### [Stored items]

(* Validity of (C, <Q_1, ..., Q_k>) is the product rule
     P(B /\ F_1 /\ ... /\ F_k) P(B)^k = P(B) P(B /\ F_1) ... P(B /\ F_k)
   for B = {X_C = c} and the atoms F_i = {X_{Q_i} = a_i}.  Both sides are
   additive in each F_i, and an event depending only on X_{Q_i} is a disjoint
   union of atoms, so the rule holds for all such events F_i.
   As R is covered by the Q_i, {X_{C u R} = c} is B intersected with the events
   {X_{R n Q_i} = c}; as the A_j are disjoint, {X_{G_j} = a_j} is the
   intersection over i in A_j of the events {X_{W_i} = a_j}.  All of these
   depend on one X_{Q_i} only, and applying the extended product rule to the
   joint event, to the new conditioning event and to each group, then dividing
   by powers of P(B), gives validity of (C u R, <G_1, ..., G_r>). *)

Section ProductAlgebra.
Local Open Scope ring_scope.

Lemma mul_prod_const_but_one (F : comNzRingType) r (f : 'I_r -> F) (j0 : 'I_r) (e d : F) :
  f j0 = e -> (forall j, j != j0 -> f j = d) -> e * d ^+ r = d * \prod_(j < r) f j.
Proof.
move=> fj0 f_other; rewrite (bigD1 j0) //= fj0 (eq_bigr (fun=> d) f_other).
have -> : d ^+ r = \prod_(j < r) d by rewrite prodr_const card_ord.
by rewrite (bigD1 j0) //= mulrCA.
Qed.

Lemma regroup_products (F : fieldType) k r (m x y : F) (z : 'I_r -> F)
    (e d : 'I_k -> F) (f : 'I_r -> 'I_k -> F) :
  m != 0 ->
  x * m ^+ k = m * \prod_(i < k) e i ->
  y * m ^+ k = m * \prod_(i < k) d i ->
  (forall j, z j * m ^+ k = m * \prod_(i < k) f j i) ->
  (forall i, e i * d i ^+ r = d i * \prod_(j < r) f j i) ->
  x * y ^+ r = y * \prod_(j < r) z j.
Proof.
move=> m_neq0 xE yE zE edf; set M := m ^+ k.
apply: (mulIf (expf_neq0 r.+1 (expf_neq0 k m_neq0))); rewrite -/M.
have -> : x * y ^+ r * M ^+ r.+1 = (x * M) * (y * M) ^+ r by rewrite exprMn exprS; ring.
have -> : y * \prod_(j < r) z j * M ^+ r.+1 = (y * M) * \prod_(j < r) (z j * M).
  by rewrite big_split /= prodr_const card_ord exprS; ring.
rewrite xE yE (eq_bigr _ (fun j _ => zE j)) big_split /= prodr_const card_ord.
have -> : \prod_(j < r) \prod_(i < k) f j i = \prod_(i < k) \prod_(j < r) f j i.
  exact: exchange_big.
rewrite exprMn -prodrXl.
transitivity (m * m ^+ r * \prod_(i < k) (e i * d i ^+ r)).
  by rewrite big_split mulrACA.
by rewrite (eq_bigr _ (fun i _ => edf i)) big_split mulrACA.
Qed.

End ProductAlgebra.

Section Events.
Variables (n : nat) (T : countType).
Local Open Scope classical_set_scope.

Definition depends_on (S : {set 'I_n}) (F : set (outcome n T)) :=
  forall x y : outcome n T, (forall i, i \in S -> x i = y i) -> F x -> F y.

Lemma agree_depends_on (S Q : {set 'I_n}) (a : outcome n T) :
  S \subset Q -> depends_on Q (agree S a).
Proof. by move=> SQ x y xy ax i iS; rewrite -xy ?ax // (fintype.subsetP SQ). Qed.

Lemma agree_setU_cover (C S : {set 'I_n}) k (Q : 'I_k -> {set 'I_n}) (c : outcome n T) :
  S \subset (\bigcup_(i < k) Q i)%SET ->
  agree (C :|: S) c = agree C c `&` [set x | forall i, agree (S :&: Q i) c x].
Proof.
move=> SQ; apply/seteqP; split => x /=.
  move=> xc; split => [u uC | i u /setIP[uS _]]; apply: xc; by rewrite inE ?uC ?uS ?orbT.
move=> [xC xS] u /setUP[uC | uS]; first exact: xC.
by have /bigcupP[i _ uQ] := fintype.subsetP SQ u uS; apply: (xS i); rewrite inE uS.
Qed.

Lemma agree_bigcup (I : finType) (P : {set I}) (W : I -> {set 'I_n}) (a : outcome n T) :
  agree (\bigcup_(i in P) W i)%SET a = [set x | forall i, i \in P -> agree (W i) a x].
Proof.
apply/seteqP; split => x /= xa => [i iP u uW | u /bigcupP[i iP uW]].
  by apply: xa; apply/bigcupP; exists i.
exact: xa i iP u uW.
Qed.

End Events.

Section ProductRule.
Variables (R : realType) (n : nat) (T : countType) (p : outcome n T -> R).
Hypothesis pmf_p : is_pmf p.
Local Open Scope classical_set_scope.
Local Open Scope ring_scope.

Definition product_rule (B : set (outcome n T)) k (F : 'I_k -> set (outcome n T)) :=
  prob p (B `&` [set x | forall i, F i x]) * prob p B ^+ k
  = prob p B * \prod_(i < k) prob p (B `&` F i).

Let p_ge0 x : 0 <= p x. Proof. by case: pmf_p. Qed.

Lemma esumZl (I : choiceType) (D : set I) (a : I -> \bar R) (c : R) :
  0 <= c -> (forall i, 0 <= a i)%E ->
  \esum_(i in D) (c%:E * a i)%E = (c%:E * \esum_(i in D) a i)%E.
Proof.
move=> c_ge0 a_ge0; rewrite /esum -ereal_supZl //; last first.
  by apply/set0P; exists 0%E; exists set0; [exact: fsets_set0 | rewrite fsbig_set0].
congr ereal_sup; rewrite image_comp; apply: eq_imagel => F _ /=.
by rewrite ge0_mule_fsumr.
Qed.

Lemma esum_prob E : \esum_(x in E) (p x)%:E = (prob p E)%:E.
Proof.
have esum_ge0 : (0 <= \esum_(x in E) (p x)%:E)%E.
  by apply: esum_ge0 => x _; rewrite lee_fin.
have esum_le1 : (\esum_(x in E) (p x)%:E <= 1)%E.
  rewrite -pmf_p.2 esum_mkcond [leRHS]esum_mkcond; apply: le_esum => x _.
  by rewrite in_setT; case: ifP; rewrite lee_fin.
by rewrite /prob fineK // ge0_fin_numE // (le_lt_trans esum_le1 (ltry _)).
Qed.

Lemma prob_ge0 E : 0 <= prob p E.
Proof. by rewrite /prob fine_ge0 // esum_ge0 // => x _; rewrite lee_fin. Qed.

Lemma le_prob E F : E `<=` F -> prob p E <= prob p F.
Proof.
move=> EF; rewrite -lee_fin -!esum_prob esum_mkcond [leRHS]esum_mkcond.
apply: le_esum => x _; case: ifPn => [/set_mem/EF/mem_set -> // | _].
by case: ifP; rewrite lee_fin.
Qed.

(* The atoms of [F] are indexed by representatives agreeing with [d] outside [S]. *)
Lemma esum_agree_partition (S : {set 'I_n}) F (d : outcome n T) X :
  depends_on S F ->
  \esum_(x in X `&` F) (p x)%:E =
  \esum_(b in [set b | F b /\ forall i, i \notin S -> b i = d i])
    \esum_(x in X `&` agree S b) (p x)%:E.
Proof.
move=> dF; rewrite esum_esum; last by move=> *; rewrite lee_fin.
apply: (reindex_esum _ _ snd); split.
- move=> [b x] /= [[Fb _] [Xx xb]]; split => //.
  by apply: (dF b) => // i iS; rewrite xb.
- move=> [b x] [b' x'] /set_mem[/= [_ db] [_ xb]] /set_mem[/= [_ db'] [_ xb']] /= x_eq.
  subst x'; congr pair; apply/ffunP => i.
  by case: (boolP (i \in S)) => iS; [rewrite -xb // -xb' | rewrite db // db'].
- move=> x [Xx Fx]; exists ([ffun i => if i \in S then x i else d i], x) => //.
  split; split => //=.
  + by apply: (dF x) => // i iS; rewrite ffunE iS.
  + by move=> i /negPf iS; rewrite ffunE iS.
  + by move=> i iS; rewrite ffunE iS.
Qed.

Lemma product_rule_null B k (F : 'I_k -> set (outcome n T)) :
  prob p B = 0 -> product_rule B F.
Proof.
move=> B0; rewrite /product_rule B0 mul0r.
suff -> : prob p (B `&` [set x | forall i, F i x]) = 0 by rewrite mul0r.
by apply/eqP; rewrite eq_le prob_ge0 andbT -B0 le_prob.
Qed.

### [ABOUT THIS TASK]
Pick each line holding "then" out of the entries above and return it.

### [FINISHED TASK]
   joint event, to the new conditioning event and to each group, then dividing
- move=> x [Xx Fx]; exists ([ffun i => if i \in S then x i else d i], x) => //.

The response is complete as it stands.